O Brasil ocupa hoje o status de Parceiro Setorial de Diálogo. É uma das dez nações nessa categoria, entre eles Suíça, Alemanha, Emirados Árabes Unidos e Qatar, entre outros. Nessa posição, a cooperação se limita a áreas específicas e a reuniões de escalão mais baixo. O status pleno garante participação nas cúpulas anuais de líderes, acesso a consultas ministeriais e possibilidade de negociar planos de ação plurianuais com todos os membros. Atualmente, 12 países são parceiros plenos, entre eles China, Estados Unidos, Rússia e todos os integrantes da União Europeia.

No discurso, Vieira avaliou que a elevação de status “criaria novos canais institucionais” e permitiria transformar “uma sólida relação comercial em uma verdadeira parceria estratégica”.

O ponto alto de aproximação do Brasil com a organização ocorreu em outubro do ano passado, quando, pela primeira vez, um chefe de Estado brasileiro participou de uma cúpula da Asean: o presidente Luiz Inácio Lula da Silva compareceu à 47ª edição do evento, realizada na Malásia. Ali, Lula declarou que “a aproximação entre o Sudeste Asiático e o Brasil, de leste a oeste, é crucial para a defesa do multilateralismo”.

O ministro disse acreditar, em relação à Tailândia, que as exportações brasileiras podem ser diversificadas, e citou o caso da Embraer como exemplo da “capacidade de nosso país de produzir aeronaves competitivas para o transporte regional e aplicações especializadas”.

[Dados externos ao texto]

(* Let $r>0$, $0<p<1$, $q=1-p$, and $X\sim\mathcal{UNB}(r,p)$. Then $$\mathbb{E}(X)=\frac{rq}{2p},\qquad \mathbb{V}(X)=\frac{rq}{12p}\left(6+\frac{4q}{p}+\frac{rq}{p}\right),$$ and the index of dispersion satisfies $\frac{\mathbb{V}(X)}{\mathbb{E}(X)}=1+\frac{4q}{6p}+\frac{rq}{6p}>1$, so $X$ is always overdispersed.
   Context: $\mathcal{UNB}(r,p)$ is the law of $X$ where $N$ is negative binomial with $P(N=n)=\binom{r+n-1}{n}p^rq^n=\frac{\Gamma(r+n)}{n!\Gamma(r)}p^rq^n$, $n\ge0$, and conditionally on $N=n$, $X$ is uniform on $\{0,1,\dots,n\}$. *)

From Stdlib Require Import Reals.
From Coquelicot Require Import Coquelicot.
Open Scope R_scope.

(* rising factorial r (r+1) ... (r+n-1) = Gamma(r+n)/Gamma(r) for r > 0 *)
Fixpoint rising (r : R) (n : nat) : R :=
  match n with
  | O => 1
  | S m => rising r m * (r + INR m)
  end.

(* negative binomial pmf: P(N = n) = Gamma(r+n)/(n! Gamma(r)) p^r q^n *)
Definition nb_pmf (r p : R) (n : nat) : R :=
  rising r n / INR (Factorial.fact n) * Rpower p r * (1 - p) ^ n.

Definition unb_pmf (r p : R) (k : nat) : R :=
  Series (fun j => nb_pmf r p (k + j) / INR (k + j + 1)).

Definition expect (f : nat -> R) : R := Series (fun k => INR k * f k).
Definition variance (f : nat -> R) : R :=
  Series (fun k => (INR k - expect f) ^ 2 * f k).

From Stdlib Require Import Reals Lra Lia.
From Coquelicot Require Import Coquelicot.
Open Scope R_scope.

(* Conditionally on N = n, X is uniform on {0, ..., n}, so E g(X) = E [(1/(N+1)) sum_{k <= N} g k];
   for g = 1, k, k^2 this gives E X = E N / 2 and E X^2 = E (2 N^2 + N) / 6.  The negative
   binomial moments E N = rq/p and E N^2 = rq(rq+1)/p^2 follow from the recurrence
   (n+1) P(N = n+1) = q (r+n) P(N = n) once the total mass is known to be 1.  That is the
   binomial series sum_n rising r n / n! x^n = (1-x)^(-r): the power series A satisfies
   (1-x) A' = r A, so (1-x)^r A(x) has derivative 0. *)

Lemma is_series_Rplus (a b : nat -> R) (la lb : R) :
  is_series a la -> is_series b lb -> is_series (fun n => a n + b n) (la + lb).
Proof. exact (is_series_plus a b la lb). Qed.

Lemma is_series_Rmult_l (c : R) (a : nat -> R) (l : R) :
  is_series a l -> is_series (fun n => c * a n) (c * l).
Proof. exact (is_series_scal_l c a l). Qed.

Lemma is_series_ext_R (a b : nat -> R) (l : R) :
  (forall n, a n = b n) -> is_series a l -> is_series b l.
Proof. exact (is_series_ext a b l). Qed.

Lemma ex_series_Rabs_le (a b : nat -> R) :
  (forall n, Rabs (a n) <= b n) -> ex_series b -> ex_series a.
Proof. exact (@ex_series_le R_AbsRing R_CompleteNormedModule a b). Qed.

Lemma is_series_limit_unique (a : nat -> R) (l1 l2 : R) :
  is_series a l1 -> is_series a l2 -> l1 = l2.
Proof. intros H1 H2. now rewrite <- (is_series_unique _ _ H1), (is_series_unique _ _ H2). Qed.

A empresa passa por um de seus melhores momentos. No segundo trimestre deste ano, a Embraer teve uma receita de R$ 11,3 bilhões, recorde para o período abril-junho, e uma carteira de pedidos de US$ 34,5 bilhões (quase R$ 176 bilhões), sétimo recorde trimestral consecutivo e 16% acima do mesmo período de 2025, segundo dados divulgados pela empresa. O ministro avaliou que a modernização das redes aéreas no Sudeste Asiático cria perspectivas para “uma cooperação mais profunda nesse campo”.

Vieira identificou “oportunidades promissoras de diálogo e cooperação” na área de semicondutores e citou a empresa tailandesa Siam Silicon como exemplo dos polos de manufatura avançada do país.

O ministro avaliou que, se mantidas as tendências atuais, a Asean “poderá eventualmente superar algumas das relações comerciais tradicionais do Brasil com outras grandes regiões econômicas”. Vieira também citou os biocombustíveis como produto com potencial de exportação para o país asiático, considerando as discussões no país sobre “aumentos futuros do teor de etanol nos combustíveis”.

O chanceler também defendeu que o interesse no grupo vai além das questões comerciais, e que o “Brasil e a Asean compartilham o compromisso com o multilateralismo”.

A Asean foi fundada em 1967, em Bangkok, na Tailândia, por cinco países: Indonésia, Malásia, Filipinas, Singapura e Tailândia. Brunei entrou em 1984, o Vietnã em 1995, o Laos e Mianmar em 1997, e o Camboja em 1999. O integrante mais recente é Timor-Leste, que foi admitido como o 11.º Estado-membro em outubro do ano passado, durante a 47ª cúpula da organização, em Kuala Lumpur, capital da Malásia.

O comércio entre Brasil e Asean chegou a aproximadamente US$ 38 bilhões (mais de R$ 193 bilhões) no ano passado, tornando o bloco o quinto maior parceiro econômico do país, segundo Vieira. Nos últimos vinte anos, o valor do comércio do Brasil com o bloco aumentou em dez vezes.

Os cinco maiores parceiros do Brasil dentro da Asean são Singapura, Indonésia, Vietnã, Malásia e Tailândia. Enquanto a relação do Brasil com as grandes economias do G7 tende a gerar déficit, o saldo acumulado com os cinco maiores parceiros da Asean é positivo.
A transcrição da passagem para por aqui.